§ **Task instructions**:
Reproduce the line containing "[/\ 0 < t, t < 1, t" and every line after it through the end of the records. Include nothing else.

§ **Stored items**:
Lemma residues_split l1 l2 (f : C -> C) : NoDup (l1 ++ l2) -> (2 <= length (l1 ++ l2))%nat ->
  is_poly (length (l1 ++ l2) - 2) f ->
  lsum l2 (residue (l1 ++ l2) f) = - lsum l1 (residue (l1 ++ l2) f).
Proof.
  intros Hn Hl Hf. assert (H := residues_sum_zero _ f Hn Hl Hf).
  rewrite lsum_app in H. replace (lsum l2 (residue (l1 ++ l2) f))
    with (lsum l1 (residue (l1 ++ l2) f) + lsum l2 (residue (l1 ++ l2) f)
          - lsum l1 (residue (l1 ++ l2) f)) by ring.
  rewrite H. ring.
Qed.

End PartialFractions.

Section SimplePoleIntegrals.

(* Real part of r / (x + i (t - y)), i.e. of r / (u - c) on the line
   u = a + i t, with x = a - Re c, y = Im c, r = rho + i ka. *)
Definition pole_re (x y rho ka t : R) : R := (rho * x + ka * (t - y)) / (x ^ 2 + (t - y) ^ 2).

Definition pole_primitive (x y rho ka t : R) : R :=
  rho * atan ((t - y) / x) + ka / 2 * ln (x ^ 2 + (t - y) ^ 2).

Lemma sq_pos x : x <> 0 -> 0 < x * x.
Proof. intros H; destruct (Rtotal_order x 0) as [h|[h|h]]; [nra|contradiction|nra]. Qed.

Lemma pole_re_eq (r c : C) a t : a - fst c <> 0 ->
  fst (r / ((a, t) - c))%C = pole_re (a - fst c) (snd c) (fst r) (snd r) t.
Proof.
  intros Hx. destruct r as [rho ka], c as [cx cy]. simpl in *.
  unfold pole_re. assert (H1 := sq_pos _ Hx). pose proof (Rle_0_sqr (t - cy)); unfold Rsqr in *.
  simpl. field. nra.
Qed.

Lemma pole_primitive_derive x y rho ka t : x <> 0 ->
  is_derive (pole_primitive x y rho ka) t (pole_re x y rho ka t).
Proof.
  intros Hx. assert (H1 := sq_pos x Hx). unfold pole_primitive, pole_re. auto_derive.
  - change R in t. rewrite !Rmult_1_r. pose proof (Rle_0_sqr (t + - y)); unfold Rsqr in *. lra.
  - change R in t. pose proof (Rle_0_sqr (t - y)); unfold Rsqr in *.
    assert (Hd : x ^ 2 + (t - y) ^ 2 <> 0) by (simpl; nra).
    assert (Hd2 : 1 + (t - y) / x * ((t - y) / x) <> 0).
    { assert (0 <= (t - y) / x * ((t - y) / x)) by nra. lra. }
    replace (t + - y) with (t - y) by ring.
    assert (E1 : 1 + (t - y) * / x * ((t - y) * / x * 1) = (x ^ 2 + (t - y) ^ 2) / (x * x))
      by (field; auto).
    assert (E2 : x * (x * 1) + (t - y) * ((t - y) * 1) = x ^ 2 + (t - y) ^ 2) by ring.
    rewrite E1, E2. field. split; auto.
Qed.

Lemma pole_re_ex_derive x y rho ka t : x <> 0 -> ex_derive (pole_re x y rho ka) t.
Proof.
  intros Hx. assert (H1 := sq_pos x Hx). unfold pole_re. auto_derive. change R in t.
  rewrite !Rmult_1_r. pose proof (Rle_0_sqr (t + - y)); unfold Rsqr in *. lra.
Qed.

Definition sgn (x : R) : R := if Rlt_dec 0 x then 1 else -1.

Lemma sgn_div_pos p x : 0 < p -> x <> 0 -> sgn (p / x) = sgn x.
Proof.
  intros Hp Hx. unfold sgn. destruct (Rlt_dec 0 x), (Rlt_dec 0 (p / x)); auto; exfalso.
  - apply n. apply Rdiv_lt_0_compat; lra.
  - assert (0 < p / - x) by (apply Rdiv_lt_0_compat; lra).
    replace (p / - x) with (- (p / x)) in H by (field; auto). lra.
Qed.

Lemma sgn_div_neg p x : p < 0 -> x <> 0 -> sgn (p / x) = - sgn x.
Proof.
  intros Hp Hx. replace (p / x) with ((- p) / (- x)) by (field; auto).
  rewrite sgn_div_pos by lra. unfold sgn.
  destruct (Rlt_dec 0 x), (Rlt_dec 0 (- x)); lra.
Qed.

Lemma atan_sgn v : v <> 0 -> atan v = sgn v * (PI / 2) - atan (/ v).
Proof.
  intros Hv. unfold sgn. destruct (Rlt_dec 0 v).
  - rewrite atan_inv; auto. ring.
  - replace (/ v) with (- / (- v)) by (field; lra).
    rewrite atan_opp, atan_inv by lra. rewrite atan_opp. ring.
Qed.

(* The primitive near t = +oo or -oo, expressed in w = 1/t after removing the
   divergent term ka/2 ln (1 + t^2); [s] is the sign of (t - y)/x there. *)
Definition pole_primitive_at_infinity (s x y rho ka w : R) : R :=
  rho * (s * (PI / 2) - atan (x * w / (1 - y * w)))
  + ka / 2 * ln ((x ^ 2 * w ^ 2 + (1 - y * w) ^ 2) / (w ^ 2 + 1)).

Lemma pole_primitive_at_infinity_ex_derive s x y rho ka :
  ex_derive (pole_primitive_at_infinity s x y rho ka) 0.
Proof.
  unfold pole_primitive_at_infinity. auto_derive. repeat split.
  - replace (1 + - (y * 0)) with 1 by ring. lra.
  - replace (0 * (0 * 1) + 1) with 1 by ring. lra.
  - match goal with |- 0 < ?e => replace e with 1 end; [lra|].
    replace (0 * (0 * 1) + 1) with 1 by ring. replace (1 + - (y * 0)) with 1 by ring. field.
Qed.
Lemma Delta_compact : compact (Delta R n).
Proof.
have -> : Delta R n = [set x : 'rV[R]_n | forall i, `[0, 1]%classic (x 0 i)] `&`
                      dotp (ones R n) @^-1` [set 1].
  apply/seteqP; split => x.
    move=> xD; split; last exact: dotp_ones_Delta.
    case: xD => x0 x1 i /=; rewrite in_itv /= x0 -x1 (bigD1 i) //= lerDl.
    exact: sumr_ge0.
  case=> /= x01 x1; split; last by rewrite -dotp_onesl.
  by move=> i; have := x01 i; rewrite in_itv => /andP[].
apply: compact_closedI.
  exact: (@rV_compact R n (fun=> `[0, 1]%classic) (fun=> @segment_compact R 0 1)).
apply: preimage_closed; first by move=> x _; exact: continuous_dotp.
exact: closed_eq.
Qed.

Definition barycenter : 'rV[R]_n := n%:R^-1 *: ones R n.

Hypothesis n_gt0 : (0 < n)%N.

Lemma barycenter_gt0 i : 0 < barycenter 0 i.
Proof. by rewrite !mxE mulr1 invr_gt0 ltr0n. Qed.

Lemma Delta_barycenter : Delta R n barycenter.
Proof.
split => [i|]; first exact/ltW/barycenter_gt0.
under eq_bigr do rewrite !mxE mulr1.
by rewrite sumr_const card_ord -[_ *+ n]mulr_natr mulVf // pnatr_eq0 -lt0n.
Qed.

End Simplex.

Lemma slope_le_of_chord (R : realFieldType) (s1 s2 g1 g2 : R) : s1 < 0 -> 0 < s2 ->
  0 <= s2 / (s2 - s1) * g1 + (1 - s2 / (s2 - s1)) * g2 -> g1 / s1 <= g2 / s2.
Proof.
move=> s1_lt0 s2_gt0; have d_gt0 : 0 < s2 - s1 by lra.
have -> : s2 / (s2 - s1) * g1 + (1 - s2 / (s2 - s1)) * g2 = (s2 * g1 - s1 * g2) / (s2 - s1).
  by field; rewrite gt_eqF.
rewrite pmulr_lge0 ?invr_gt0 // => chord.
by rewrite ler_pdivlMr // mulrAC ler_ndivrMr //; nra.
Qed.

(* A subgradient at 0 on the span of the first k axes extends to the first
   k + 1: by convexity, the slopes of phi along negative multiples of the next
   axis lie below those along positive multiples, and any value in between can
   be taken as the new coordinate. *)
Section AxialSubgradient.
Variables (R : realType) (n : nat) (U : set 'rV[R]_n) (phi : 'rV[R]_n -> R).
Hypothesis U_convex : forall x y t, U x -> U y -> 0 <= t <= 1 -> U (t *: x + (1 - t) *: y).
Hypothesis phi_convex : forall x y t, U x -> U y -> 0 <= t <= 1 ->
  phi (t *: x + (1 - t) *: y) <= t * phi x + (1 - t) * phi y.
Hypothesis U_axes : forall i : 'I_n,
  (exists2 s, s < 0 & U (s *: delta_mx 0 i)) /\ (exists2 s, 0 < s & U (s *: delta_mx 0 i)).

Let supported k (t : 'rV[R]_n) := forall j : 'I_n, (k <= j)%N -> t 0 j = 0.

Let subgradient_on k a := forall t, supported k t -> U t -> phi 0 + dotp a t <= phi t.

Let slope a e t s := (phi (t + s *: e) - phi 0 - dotp a t) / s.

Lemma supported0 k : supported k 0.
Proof. by move=> j _; rewrite mxE. Qed.

Lemma slope_le k a e t1 t2 s1 s2 : subgradient_on k a ->
  supported k t1 -> supported k t2 -> s1 < 0 -> 0 < s2 ->
  U (t1 + s1 *: e) -> U (t2 + s2 *: e) -> slope a e t1 s1 <= slope a e t2 s2.
Proof.
move=> ha st1 st2 s1_lt0 s2_gt0 U1 U2; apply: slope_le_of_chord => //.
set l := s2 / (s2 - s1).
have l01 : 0 <= l <= 1.
  by rewrite divr_ge0 ?ler_pdivrMr ?mul1r /=; lra.
have mid : l *: (t1 + s1 *: e) + (1 - l) *: (t2 + s2 *: e) = l *: t1 + (1 - l) *: t2.
  have ls : l * s1 + (1 - l) * s2 = 0 by rewrite /l; field; rewrite gt_eqF ?subr_gt0 //; lra.
  by rewrite !scalerDr !scalerA addrACA -scalerDl ls scale0r addr0.
have supp_mid : supported k (l *: t1 + (1 - l) *: t2).
  by move=> j kj; rewrite !mxE st1 // st2 // !mulr0 addr0.
have := ha _ supp_mid; rewrite -mid => /(_ (U_convex U1 U2 l01)).
have := phi_convex U1 U2 l01; rewrite mid dotpDr !dotpZr; lra.
Qed.

Lemma slope_separation k a e : subgradient_on k a ->
  (exists2 s, s < 0 & U (s *: e)) -> (exists2 s, 0 < s & U (s *: e)) ->
  exists c,
    (forall t s, supported k t -> s < 0 -> U (t + s *: e) -> slope a e t s <= c) /\
    (forall t s, supported k t -> 0 < s -> U (t + s *: e) -> c <= slope a e t s).
Proof.
move=> ha [s1 s1_lt0 U1] [s2 s2_gt0 U2].
pose L := [set r | exists t s, [/\ supported k t, s < 0, U (t + s *: e) & r = slope a e t s]].
have U1' : U (0 + s1 *: e) by rewrite add0r.
have U2' : U (0 + s2 *: e) by rewrite add0r.
have L_ub : ubound L (slope a e 0 s2).
  move=> _ [t [s [st s_lt0 Ut ->]]].
  exact: slope_le ha st (@supported0 k) s_lt0 s2_gt0 Ut U2'.
have L0 : L !=set0 by exists (slope a e 0 s1), 0, s1; split=> //; exact: (@supported0 k).
exists (sup L); split=> [t s st s_lt0 Ut|t s st s_gt0 Ut].
  by apply: sup_upper_bound; [split=> //; exists (slope a e 0 s2) | exists t, s].
apply: ge_sup L0 _ => _ [t' [s' [st' s'_lt0 Ut' ->]]].
exact: slope_le ha st' st s'_lt0 s_gt0 Ut' Ut.
Qed.

Lemma subgradient_on_succ k a : (k < n)%N -> subgradient_on k a ->
  exists a', subgradient_on k.+1 a'.
Proof.
move=> kn ha; pose i := Ordinal kn; pose e : 'rV[R]_n := delta_mx 0 i.
have [c [c_ge c_le]] := slope_separation ha (proj1 (U_axes i)) (proj2 (U_axes i)).
exists (a + (c - a 0 i) *: e) => t st Ut.
pose s := t 0 i; pose t' := t - s *: e.
have st' : supported k t'.
  move=> j kj; rewrite !mxE; have [ji|ji] := eqVneq j i.
    by rewrite ji !eqxx mulr1 subrr.
  rewrite andbF mulr0 subr0 st //.
  by rewrite ltn_neqAle kj andbT; apply: contra ji => /eqP kj'; apply/eqP/val_inj.
have tE : t = t' + s *: e by rewrite subrK.
have -> : dotp (a + (c - a 0 i) *: e) t = dotp a t' + c * s.
  by rewrite /t' /e dotpDl dotpZl dotp_delta_mxl dotpBr dotpZr dotp_delta_mxr /s; ring.
rewrite tE in Ut *; case: (ltrgt0P s) => [s_gt0|s_lt0|s0].
- by have := c_le _ _ st' s_gt0 Ut; rewrite ler_pdivlMr //; lra.
- by have := c_ge _ _ st' s_lt0 Ut; rewrite ler_ndivrMr //; lra.
- move: Ut; rewrite s0 scale0r mulr0 !addr0 => Ut.
  by apply: ha => // j kj; apply: st'; exact: ltnW.
Qed.

Lemma axial_subgradient : exists a, forall t, U t -> phi 0 + dotp a t <= phi t.
Proof.
suff [a ha] : exists a, subgradient_on n a.
  by exists a => t; apply: ha => j; rewrite leqNgt ltn_ord.
suff gen k : (k <= n)%N -> exists a, subgradient_on k a by exact: gen.
elim: k => [_|k IH kn].
  exists 0 => t t0 _; have -> : t = 0 by apply/rowP => j; rewrite mxE t0.
  by rewrite dotp0l addr0.
have [a ha] := IH (ltnW kn); exact: subgradient_on_succ ha.
Qed.

End AxialSubgradient.

Lemma convex_functionP (R : realType) n (D : set 'rV[R]_n) (h : 'rV[R]_n -> R) :
  convex_function D h <-> forall x y t, D x -> D y -> 0 <= t <= 1 ->
    h (t *: x + (1 - t) *: y) <= t * h x + (1 - t) * h y.
Proof.
split=> [hc x y t Dx Dy /andP[t0 t1]|hc t x y /set_mem Dx /set_mem Dy].
  exact: (hc (Itv01 t0 t1) x y (mem_set Dx) (mem_set Dy)).
by apply: hc => //; rewrite ge0 le1.
Qed.

(* [chart y] maps R^n affinely onto the hyperplane of vectors summing to 1, with
   [chart y 0 = y], so that a subgradient at [y] can be built along the
   coordinate axes of R^n. *)
Definition chart (R : realType) n (y t : 'rV[R]_n) : 'rV[R]_n :=
  y + t - dotp (ones R n) t *: y.

Lemma chart_affine (R : realType) n (y t1 t2 : 'rV[R]_n) (l : R) :
  chart y (l *: t1 + (1 - l) *: t2) = l *: chart y t1 + (1 - l) *: chart y t2.
Proof. by rewrite /chart dotpDr !dotpZr; apply/rowP => i; rewrite !mxE; ring. Qed.

Lemma chart0 (R : realType) n (y : 'rV[R]_n) : chart y 0 = y.
Proof. by rewrite /chart dotp0r scale0r addr0 subr0. Qed.

Lemma chart_sub (R : realType) n (y z : 'rV[R]_n) :
  Delta R n y -> Delta R n z -> chart y (z - y) = z.
Proof.
by move=> Dy Dz; rewrite /chart dotpBr !dotp_ones_Delta // subrr scale0r subr0 addrC subrK.
Qed.

Lemma Delta_chart_axis (R : realType) n (y : 'rV[R]_n) i s :
  Delta R n y -> - y 0 i <= s <= 1 -> Delta R n (chart y (s *: delta_mx 0 i)).
Proof.
move=> [y0 y1] /andP[s_ge s_le1].
have coordE j : chart y (s *: delta_mx 0 i) 0 j = (1 - s) * y 0 j + s * (j == i)%:R.
  by rewrite /chart dotpZr dotp_delta_mxr !mxE eqxx /=; ring.
split=> [j|]; last first.
  under eq_bigr do rewrite coordE.
  rewrite big_split /= -!mulr_sumr y1 (bigD1 i) //= eqxx big1 ?addr0 => [|j /negPf->//].
  by rewrite /= !mulr1 subrK.
rewrite coordE; have [->|_] := eqVneq j i; last first.
  by rewrite mulr0 addr0 mulr_ge0 // subr_ge0.
have yi0 := y0 i; have yi1 : y 0 i <= 1 by rewrite -y1 (bigD1 i) //= lerDl sumr_ge0.
rewrite /= mulr1; nra.
Qed.

Lemma Delta_subgradient (R : realType) n (h : 'rV[R]_n -> R) y :
  convex_function (Delta R n) h -> Delta R n y -> (forall i, 0 < y 0 i) ->
  exists b, (forall z, Delta R n z -> dotp b z <= h z) /\ dotp b y = h y.
Proof.
move=> hc Dy y_gt0.
have [a ha] : exists a, forall t,
    Delta R n (chart y t) -> h (chart y 0) + dotp a t <= h (chart y t).
  apply: (@axial_subgradient R n (fun t => Delta R n (chart y t)) (h \o chart y)).
  - by move=> t1 t2 l ? ? ?; rewrite chart_affine; exact: Delta_convex.
  - by move=> t1 t2 l ? ? ?; rewrite /= chart_affine; exact: (proj1 (convex_functionP _ _) hc).
  - move=> i; have yi := y_gt0 i; split.
      exists (- y 0 i); first by rewrite oppr_lt0.
      by apply: Delta_chart_axis => //; rewrite lexx /=; lra.
    by exists 1; [exact: ltr01 | apply: Delta_chart_axis => //; rewrite lexx andbT; lra].
exists (a + (h y - dotp a y) *: ones R n); split=> [z Dz|]; last first.
  by rewrite dotpDl dotpZl dotp_ones_Delta //; ring.
have := ha (z - y); rewrite /= chart_sub // chart0 => /(_ Dz).
by rewrite dotpDl dotpZl dotp_ones_Delta // dotpBr; lra.
Qed.

Lemma near0_mul_lt (R : realType) (K B : R) : 0 < B -> \forall t \near 0^'+, t * K < B.
Proof.
move=> B_gt0; have KB_gt0 : 0 < B / (`|K| + 1) by rewrite divr_gt0 // ltr_wpDl.
near=> t.
have t_gt0 : 0 < t by near: t; exact: nbhs_right_gt.
have : t < B / (`|K| + 1) by near: t; exact: nbhs_right_lt.
rewrite ltr_pdivlMr ?ltr_wpDl // => tK.
have := ler_wpM2l (ltW t_gt0) (ler_norm K).
nra.
Unshelve. all: by end_near. Qed.

Lemma within_continuous_dist (R : realType) n (D : set 'rV[R]_n) (h : 'rV[R]_n -> R) x e :
  {within D, continuous h} -> D x -> 0 < e ->
  exists2 d, 0 < d & forall z, D z -> `|x - z| < d -> `|h x - h z| < e.
Proof.
move=> /subspace_continuousP /(_ x) hx Dx e_gt0.
move: (hx Dx) => /cvgrPdist_lt /(_ e e_gt0); rewrite /within => /nbhs_ballP[d d_gt0 hd].
by exists d => // z Dz xz; apply: hd => //; rewrite -ball_normE.
Qed.

Lemma within_open_lt (T : topologicalType) (R : realType) (D : set T) (f : T -> R) e :
  {within D, continuous f} -> exists2 V, open V & V `&` D = [set z | f z < e] `&` D.
Proof. by move=> /continuousP /(_ _ (@open_lt _ e)) /open_subspaceP. Qed.

Section ConvexApprox.
Variables (R : realType) (n : nat) (h : 'rV[R]_n -> R).
Hypotheses (n_gt0 : (0 < n)%N) (h_convex : convex_function (Delta R n) h)
  (h_cont : {within Delta R n, continuous h}).

(* Take a subgradient at the interior point t c + (1 - t) x, for t small. *)
Lemma affine_minorant_near x e : Delta R n x -> 0 < e ->
  exists b, (forall z, Delta R n z -> dotp b z <= h z) /\ h x - e < dotp b x.
Proof.
move=> Dx e_gt0; have e2_gt0 : 0 < e / 2 by rewrite divr_gt0.
have [d d_gt0 hd] := within_continuous_dist h_cont Dx e2_gt0.
pose c := barycenter R n; pose y t := t *: c + (1 - t) *: x.
have : \forall t \near 0^'+,
    [/\ 0 < t, t < 1, t * `|x - c| < d & t * (`|h c - h x| + e) < e / 2].
  near=> t; split; near: t;
    [exact: nbhs_right_gt | exact: nbhs_right_lt | exact: near0_mul_lt | exact: near0_mul_lt].
move=> /filter_ex[t [t_gt0 t_lt1 t_d t_e]].
have Dy : Delta R n (y t).
  by apply: Delta_convex => //; [exact: Delta_barycenter | rewrite ltW //= ltW].
have y_gt0 i : 0 < y t 0 i.
  move: (barycenter_gt0 R n_gt0 i) ((proj1 Dx) i); rewrite /y /c !mxE => c_gt0 x_ge0.
  by apply: ltr_wpDr; [rewrite mulr_ge0 // subr_ge0 ltW | rewrite mulr_gt0].
have [b [hb hby]] := Delta_subgradient h_convex Dy y_gt0.
exists b; split => //.
have hy : h x - e / 2 < h (y t).
  have : `|x - y t| < d.
    have -> : x - y t = t *: (x - c) by apply/rowP => i; rewrite !mxE; ring.
    by rewrite normrZ gtr0_norm.
  by move=> /(hd _ Dy); rewrite ltr_norml; lra.
have hbc := hb c (Delta_barycenter R n_gt0).
have hcx := ler_wpM2l (ltW t_gt0) (ler_norm (h c - h x)).
have : dotp b (y t) = t * dotp b c + (1 - t) * dotp b x by rewrite dotpDr !dotpZr.
rewrite hby => hyE.
suff : (1 - t) * (h x - e) < (1 - t) * dotp b x by rewrite ltr_pM2l // subr_gt0.
nra.
Unshelve. all: by end_near. Qed.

§ **Answer to this exercise**:
    [/\ 0 < t, t < 1, t * `|x - c| < d & t * (`|h c - h x| + e) < e / 2].
  near=> t; split; near: t;
    [exact: nbhs_right_gt | exact: nbhs_right_lt | exact: near0_mul_lt | exact: near0_mul_lt].
move=> /filter_ex[t [t_gt0 t_lt1 t_d t_e]].
have Dy : Delta R n (y t).
  by apply: Delta_convex => //; [exact: Delta_barycenter | rewrite ltW //= ltW].
have y_gt0 i : 0 < y t 0 i.
  move: (barycenter_gt0 R n_gt0 i) ((proj1 Dx) i); rewrite /y /c !mxE => c_gt0 x_ge0.
  by apply: ltr_wpDr; [rewrite mulr_ge0 // subr_ge0 ltW | rewrite mulr_gt0].
have [b [hb hby]] := Delta_subgradient h_convex Dy y_gt0.
exists b; split => //.
have hy : h x - e / 2 < h (y t).
  have : `|x - y t| < d.
    have -> : x - y t = t *: (x - c) by apply/rowP => i; rewrite !mxE; ring.
    by rewrite normrZ gtr0_norm.
  by move=> /(hd _ Dy); rewrite ltr_norml; lra.
have hbc := hb c (Delta_barycenter R n_gt0).
have hcx := ler_wpM2l (ltW t_gt0) (ler_norm (h c - h x)).
have : dotp b (y t) = t * dotp b c + (1 - t) * dotp b x by rewrite dotpDr !dotpZr.
rewrite hby => hyE.
suff : (1 - t) * (h x - e) < (1 - t) * dotp b x by rewrite ltr_pM2l // subr_gt0.
nra.
Unshelve. all: by end_near. Qed.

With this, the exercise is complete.